Turn any text into a narrated audiobook — right from your desktop, no GPU required.
Load a PDF, EPUB, plain text file, or paste content directly. Pick a voice (or clone your own from a short audio clip), tweak the speed and tone, and generate a full MP3 audiobook. The app intelligently splits your text at sentence boundaries, generates each section, and merges everything into one file.
Powered by PocketTTS by Kyutai — a lightweight text-to-speech model that runs entirely on CPU. This is the current choice as new open source models come out it will be updated.

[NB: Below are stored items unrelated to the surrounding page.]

(* Let $Y\in\{0,1\}$, $\mathbf{B}\in\mathbb{R}^n$, and for $i=1,\dots,r$ let $Z_i\in\mathbb{R}$, $A_i\in\{0,1\}$. Let $\sigma(x)=1/(1+e^{-x})$. Assume: (C1) $\mathbf{p}(Y=1\mid\mathbf{b})=\sigma(\mathbf{w}^\top\mathbf{b}+t)$ for some $\mathbf{w}\in\mathbb{R}^n$, $t\in\mathbb{R}$; (C2) for all $\mathcal{I}\subseteq[r]$: $\mathbf{p}(\mathbf{A}_{\mathcal{I}}=\mathbf{1}\mid\mathbf{b},y)=\prod_{i\in\mathcal{I}}\mathbf{p}(A_i=1\mid\mathbf{b},y)$; (C3) for all $\mathcal{I}\subseteq[r]$: $\mathbf{p}(\mathbf{z}_{\mathcal{I}}\mid\mathbf{b},y,\mathbf{A}_{\mathcal{I}}=\mathbf{1})=\prod_{i\in\mathcal{I}}\mathbf{p}(z_i\mid\mathbf{b},y,A_i=1)$; (C4) there is a function $N(\mathbf{b})>0$ and $\mathbf{u}_i\in\mathbb{R}^n$, $\lambda_i\in\mathbb{R}$ with $\mathbf{p}(A_i=1\mid\mathbf{b},Y=1)=N(\mathbf{b})\sigma(\mathbf{u}_i^\top\mathbf{b}+\lambda_i)$ and $\mathbf{p}(A_i=1\mid\mathbf{b},Y=0)=N(\mathbf{b})-\mathbf{p}(A_i=1\mid\mathbf{b},Y=1)$; (C5) $(Z_i\mid\mathbf{b},y,A_i=1)\sim\mathcal{N}(\mathbf{v}_i^\top\mathbf{b}+\tau_i(y),\eta^2)$ for some $\mathbf{v}_i\in\mathbb{R}^n$, $\tau_i(0),\tau_i(1)\in\mathbb{R}$, $\eta>0$. Then for every $\mathcal{I}\subseteq[r]$, $$\frac{\mathbf{p}(Y=1\mid\mathbf{b},\mathbf{z}_{\mathcal{I}},\mathbf{A}_{\mathcal{I}}=\mathbf{1})}{\mathbf{p}(Y=0\mid\mathbf{b},\mathbf{z}_{\mathcal{I}},\mathbf{A}_{\mathcal{I}}=\mathbf{1})}=\exp\Big[\mathbf{w}^\top\mathbf{b}+t+\sum_{i\in\mathcal{I}}\big((\mathbf{u}_i-\boldsymbol\gamma_i)^\top\mathbf{b}+\beta_i z_i+\lambda_i+\theta_i\big)\Big],$$ where $\beta_i=\eta^{-2}(\tau_i(1)-\tau_i(0))$, $\boldsymbol\gamma_i=\beta_i\mathbf{v}_i$, and $\theta_i=\tfrac12\eta^{-2}(\tau_i(0)^2-\tau_i(1)^2)$. In particular, each such conditional distribution is of logistic-regression form.
   Context: For a vector $\mathbf{v}$ and $\mathcal{I}\subseteq[r]=\{1,\dots,r\}$, $\mathbf{v}_{\mathcal{I}}$ is the subvector with indices in $\mathcal{I}$; $\mathbf{A}_{\mathcal{I}}=\mathbf{1}$ means $A_i=1$ for all $i\in\mathcal{I}$ (other features marginalized). $Z_i$ is only observed when $A_i=1$. *)

From HB Require Import structures.
From mathcomp Require Import all_boot all_order all_algebra.
From mathcomp Require Import all_classical all_reals.
From mathcomp Require Import all_analysis.
Set Implicit Arguments. Unset Strict Implicit. Unset Printing Implicit Defensive.
Import Order.TTheory GRing.Theory Num.Theory.
Local Open Scope ring_scope.

Definition sigmoid {R : realType} (x : R) : R := (1 + expR (- x))^-1.

Definition dotv {R : realType} {n : nat} (u b : 'rV[R]_n) : R :=
  \sum_(j < n) u 0 j * b 0 j.

(* Joint (conditional on b) density of (Y = y, A_I = 1, z_I):
     p(y | b) * p(A_I = 1 | b, y) * p(z_I | b, y, A_I = 1),
   where pY b y = p(Y=y|b), pA I b y = p(A_I = 1 | b, y),
   pZ I b y z = p(z_I | b, y, A_I = 1) (z : 'I_r -> R, only z_I relevant). *)
Definition joint {R : realType} {n r : nat}
  (pY : 'rV[R]_n -> bool -> R)
  (pA : {set 'I_r} -> 'rV[R]_n -> bool -> R)
  (pZ : {set 'I_r} -> 'rV[R]_n -> bool -> ('I_r -> R) -> R)
  (I : {set 'I_r}) (b : 'rV[R]_n) (z : 'I_r -> R) (y : bool) : R :=
  pY b y * pA I b y * pZ I b y z.

Definition posterior {R : realType} {n r : nat}
  (pY : 'rV[R]_n -> bool -> R)
  (pA : {set 'I_r} -> 'rV[R]_n -> bool -> R)
  (pZ : {set 'I_r} -> 'rV[R]_n -> bool -> ('I_r -> R) -> R)
  (I : {set 'I_r}) (b : 'rV[R]_n) (z : 'I_r -> R) (y : bool) : R :=
  joint pY pA pZ I b z y / (joint pY pA pZ I b z false + joint pY pA pZ I b z true).

From HB Require Import structures.
From mathcomp Require Import all_boot all_order all_algebra.
From mathcomp Require Import all_classical all_reals.
From mathcomp Require Import all_analysis.
From mathcomp Require Import ring.
Import Order.TTheory GRing.Theory Num.Theory.
Local Open Scope ring_scope.

(** Bayes' rule says the posterior odds of [Y = 1] equal the ratio of the two
    joint densities, and by the conditional-independence assumptions that ratio
    factors over the prior and the observed features. Each factor is an
    exponential: the prior and the missingness mechanism are logistic, so their
    odds are [exp] of an affine function, and two Gaussians with equal variance
    have a likelihood ratio [exp] of an affine function of [z_i]. Multiplying
    the factors adds the exponents. *)

Section odds.
Context {R : realType}.

Lemma subr_sigmoid_gt0 (a : R) : 0 < 1 - sigmoid a.
Proof.
have den_gt0 : 0 < 1 + expR (- a) by rewrite addr_gt0 ?expR_gt0.
have -> : 1 - sigmoid a = expR (- a) / (1 + expR (- a)).
  by rewrite /sigmoid; field; rewrite gt_eqF.
by rewrite divr_gt0 ?expR_gt0.
Qed.

Lemma sigmoid_odds (a : R) : sigmoid a = expR a * (1 - sigmoid a).
Proof.
have ea_gt0 := expR_gt0 a.
by rewrite /sigmoid expRN; field; rewrite !gt_eqF ?addr_gt0.
Qed.

Lemma bayes_odds (p0 p1 s : R) : 0 < p0 -> p1 = expR s * p0 ->
  p1 / (p0 + p1) / (p0 / (p0 + p1)) = expR s.
Proof.
move=> p0_gt0 ->; have sum_gt0 : 0 < p0 + expR s * p0.
  by rewrite addr_gt0 // mulr_gt0 ?expR_gt0.
by field; rewrite !gt_eqF.
Qed.

Lemma bayes_sigmoid (p0 p1 s : R) : 0 < p0 -> p1 = expR s * p0 ->
  p1 / (p0 + p1) = sigmoid s.
Proof.
move=> p0_gt0 ->; rewrite /sigmoid expRN.
have es_gt0 := expR_gt0 s.
by field; rewrite !gt_eqF // ?addr_gt0 // mulr_gt0.
Qed.

Lemma prodr_expR_scale {T : finType} (P : {set T}) {f g k : T -> R} :
  (forall i, f i = expR (k i) * g i) ->
  \prod_(i in P) f i = expR (\sum_(i in P) k i) * \prod_(i in P) g i.
Proof. by move=> fE; rewrite expR_sum -big_split; apply: eq_bigr. Qed.

Lemma normal_pdf_gt0 (m s x : R) : s != 0 -> 0 < normal_pdf m s x.
Proof. by move=> s0; rewrite normal_pdfE // mulr_gt0 ?normal_peak_gt0 ?expR_gt0. Qed.

(* Equal variances make the quadratic terms in [x] cancel. *)
Lemma normal_pdf_mean_shift (m0 m1 s x : R) : s != 0 ->
  normal_pdf m1 s x =
    expR ((m1 - m0) / s ^+ 2 * x + (m0 ^+ 2 - m1 ^+ 2) / (s ^+ 2 *+ 2))
    * normal_pdf m0 s x.
Proof.
move=> s0; rewrite !normal_pdfE // /normal_fun mulrCA -expRD.
by congr (_ * expR _); field.
Qed.

Lemma dotvBZ (n : nat) (u v b : 'rV[R]_n) (c : R) :
  dotv (u - c *: v) b = dotv u b - c * dotv v b.
Proof.
rewrite /dotv mulr_sumr -sumrN -big_split /=; apply: eq_bigr => j _.
by rewrite !mxE mulrDl mulNr mulrA.
Qed.

End odds.

Section logistic_missingness_model.
Context {R : realType} {n r : nat}.
Context {pY : 'rV[R]_n -> bool -> R}
  {pA : {set 'I_r} -> 'rV[R]_n -> bool -> R}
  {pZ : {set 'I_r} -> 'rV[R]_n -> bool -> ('I_r -> R) -> R}.
Context {w : 'rV[R]_n} {t : R} {N : 'rV[R]_n -> R} {u : 'I_r -> 'rV[R]_n}
  {lam : 'I_r -> R} {v : 'I_r -> 'rV[R]_n} {tau : 'I_r -> bool -> R} {eta : R}.

Hypothesis pY_false : forall b, pY b false = 1 - pY b true.
Hypothesis pY_true : forall b, pY b true = sigmoid (dotv w b + t).
Hypothesis pA_prod : forall I b y, pA I b y = \prod_(i in I) pA [set i] b y.
Hypothesis pZ_prod : forall I b y z, pZ I b y z = \prod_(i in I) pZ [set i] b y z.
Hypothesis N_gt0 : forall b, 0 < N b.
Hypothesis pA_true :
  forall i b, pA [set i] b true = N b * sigmoid (dotv (u i) b + lam i).
Hypothesis pA_false : forall i b, pA [set i] b false = N b - pA [set i] b true.
Hypothesis eta_gt0 : 0 < eta.
Hypothesis pZ_normal : forall i b y z,
  pZ [set i] b y z = normal_pdf (dotv (v i) b + tau i y) eta (z i).

Local Notation beta i := ((tau i true - tau i false) / eta ^+ 2).
Local Notation theta i := ((tau i false ^+ 2 - tau i true ^+ 2) / (eta ^+ 2 *+ 2)).

Lemma pY_odds b : pY b true = expR (dotv w b + t) * pY b false.
Proof. by rewrite pY_false pY_true -sigmoid_odds. Qed.

Lemma pY_false_gt0 b : 0 < pY b false.
Proof. by rewrite pY_false pY_true subr_sigmoid_gt0. Qed.

Lemma pA_odds i b :
  pA [set i] b true = expR (dotv (u i) b + lam i) * pA [set i] b false.
Proof.
by rewrite pA_false pA_true -{2}[N b]mulr1 -mulrBr mulrCA -sigmoid_odds.
Qed.

Lemma pA_false_gt0 i b : 0 < pA [set i] b false.
Proof.
by rewrite pA_false pA_true -{1}[N b]mulr1 -mulrBr mulr_gt0 ?subr_sigmoid_gt0.
Qed.

Lemma pZ_odds i b z : pZ [set i] b true z =
  expR (beta i * (z i - dotv (v i) b) + theta i) * pZ [set i] b false z.
Proof.
rewrite !pZ_normal.
rewrite (normal_pdf_mean_shift (dotv (v i) b + tau i false)) ?gt_eqF //.
by congr (expR _ * _); field; rewrite gt_eqF.
Qed.

Lemma pZ_false_gt0 i b z : 0 < pZ [set i] b false z.
Proof. by rewrite pZ_normal normal_pdf_gt0 ?gt_eqF. Qed.

Lemma joint_false_gt0 I b z : 0 < joint pY pA pZ I b z false.
Proof.
rewrite /joint pA_prod pZ_prod !mulr_gt0 ?pY_false_gt0 //.
- by apply: prodr_gt0 => i _; exact: pA_false_gt0.
- by apply: prodr_gt0 => i _; exact: pZ_false_gt0.
Qed.

Lemma joint_odds I b z : joint pY pA pZ I b z true =
  expR (dotv w b + t + \sum_(i in I)
          (dotv (u i - beta i *: v i) b + beta i * z i + lam i + theta i))
  * joint pY pA pZ I b z false.
Proof.
have -> : \sum_(i in I)
    (dotv (u i - beta i *: v i) b + beta i * z i + lam i + theta i) =
  \sum_(i in I) (dotv (u i) b + lam i)
  + \sum_(i in I) (beta i * (z i - dotv (v i) b) + theta i).
  by rewrite -big_split; apply: eq_bigr => i _; rewrite /= dotvBZ; ring.
rewrite /joint pA_prod pZ_prod (pA_prod I) (pZ_prod I) pY_odds.
rewrite (prodr_expR_scale I (pA_odds^~ b)).
rewrite (prodr_expR_scale I (fun i => pZ_odds i b z)).
by rewrite !expRD; ring.
Qed.

End logistic_missingness_model.

Theorem mainTheorem3 (R : realType) (n r : nat)
  (pY : 'rV[R]_n -> bool -> R)
  (pA : {set 'I_r} -> 'rV[R]_n -> bool -> R)
  (pZ : {set 'I_r} -> 'rV[R]_n -> bool -> ('I_r -> R) -> R)
  (w : 'rV[R]_n) (t : R)
  (N : 'rV[R]_n -> R) (u : 'I_r -> 'rV[R]_n) (lam : 'I_r -> R)
  (v : 'I_r -> 'rV[R]_n) (tau : 'I_r -> bool -> R) (eta : R) :
  (* Y is binary *)
  (forall b, pY b false = 1 - pY b true) ->
  (* (C1) *)
  (forall b, pY b true = sigmoid (dotv w b + t)) ->
  (* (C2) *)
  (forall I b y, pA I b y = \prod_(i in I) pA [set i] b y) ->
  (* (C3) *)
  (forall I b y z, pZ I b y z = \prod_(i in I) pZ [set i] b y z) ->
  (* (C4) *)
  (forall b, 0 < N b) ->
  (forall i b, pA [set i] b true = N b * sigmoid (dotv (u i) b + lam i)) ->
  (forall i b, pA [set i] b false = N b - pA [set i] b true) ->
  (* (C5) *)
  0 < eta ->
  (forall i b y z, pZ [set i] b y z = normal_pdf (dotv (v i) b + tau i y) eta (z i)) ->
  forall (I : {set 'I_r}) (b : 'rV[R]_n) (z : 'I_r -> R),
    let beta i := (tau i true - tau i false) / eta ^+ 2 in
    let gamma i := beta i *: v i in
    let theta i := (tau i false ^+ 2 - tau i true ^+ 2) / (eta ^+ 2 *+ 2) in
    let s := dotv w b + t +
      \sum_(i in I) (dotv (u i - gamma i) b + beta i * z i + lam i + theta i) in
    posterior pY pA pZ I b z true / posterior pY pA pZ I b z false = expR s
    /\ posterior pY pA pZ I b z true = sigmoid s.
Proof.
move=> pY_false pY_true pA_prod pZ_prod N_gt0 pA_true pA_false eta_gt0 pZ_normal.
move=> I b z beta gamma theta s.
have odds : joint pY pA pZ I b z true = expR s * joint pY pA pZ I b z false.
  exact: (joint_odds pY_false pY_true pA_prod pZ_prod pA_true pA_false
    eta_gt0 pZ_normal).
have pos := joint_false_gt0 pY_false pY_true pA_prod pZ_prod N_gt0 pA_true
  pA_false eta_gt0 pZ_normal I b z.
rewrite /posterior; split; first exact: bayes_odds pos odds.
exact: bayes_sigmoid pos odds.
Qed.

- Audiobook Generation — Convert entire books and long documents into spoken audio
- Voice Cloning — Clone any voice from a short
.wavor.mp3sample - 8 Built-in Voices — alba, marius, javert, jean, fantine, cosette, eponine, azelma
- Import Anything — PDFs, EPUBs, TXT files, or scrape text from any URL
- Smart Chunking — Splits at sentence boundaries for natural-sounding breaks
- Tone & Speed Control — Adjust expressiveness and playback speed
- Auto MP3 Export — Merges all chunks into a single MP3 file
- Stop & Resume — Pause generation and pick up from any chapter/chunk
- No GPU Needed — Runs entirely on CPU
- One-Click Install — No Python setup required
Double-click run_pocket_embedded.bat — it downloads everything automatically:
- Embedded Python 3.12
- FFmpeg for audio processing
- CPU-only PyTorch + all dependencies
- Launches the app
First run takes a few minutes to set up. After that, launches are instant.
python -m venv venv
venv\Scripts\activate
pip install torch --index-url https://download.pytorch.org/whl/cpu
pip install -r requirements.txt
python PocketTTSUI.py| Button | What it does |
|---|---|
| Browse (Ref Audio) | Select an audio clip to clone that voice |
| Browse (Output Dir) | Choose where your audiobook is saved |
| 📄 Load PDF/Text/EPUB | Import text from a document |
| 🌐 Scrape from URL | Pull article or chapter text from a web page |
| Export Chunk / Export All | Save chunk text to .txt files for review |
| 📁 Open Folder | Open the output directory |
| ▶ Generate Speech | Start generating your audiobook |
| ⏹ Stop | Cancel after the current chunk finishes |
| 🔊 Quick Sample | Preview your voice + settings before committing |
| Setting | What it controls |
|---|---|
| Voice Name | Built-in voice (used when no audio clip is provided) |
| Chunk Size | Words per section — smaller = better quality |
| Temperature | Lower = consistent narration, Higher = expressive |
| Speed | 0.5x to 2.0x playback speed |
| Start Chunk | Resume from a specific section |
| Combine into MP3 | Merge all sections into one audiobook file |
- Best chunk size: 50–200 words for natural-sounding narration
- Temperature: 0.3–0.5 for audiobooks, 0.8+ for dramatic reads
- Interrupted? Set "Start Chunk" to resume where you left off
- Files save to the app's folder if no output directory is set
Uses PocketTTS by Kyutai Labs — see their repo for model licensing.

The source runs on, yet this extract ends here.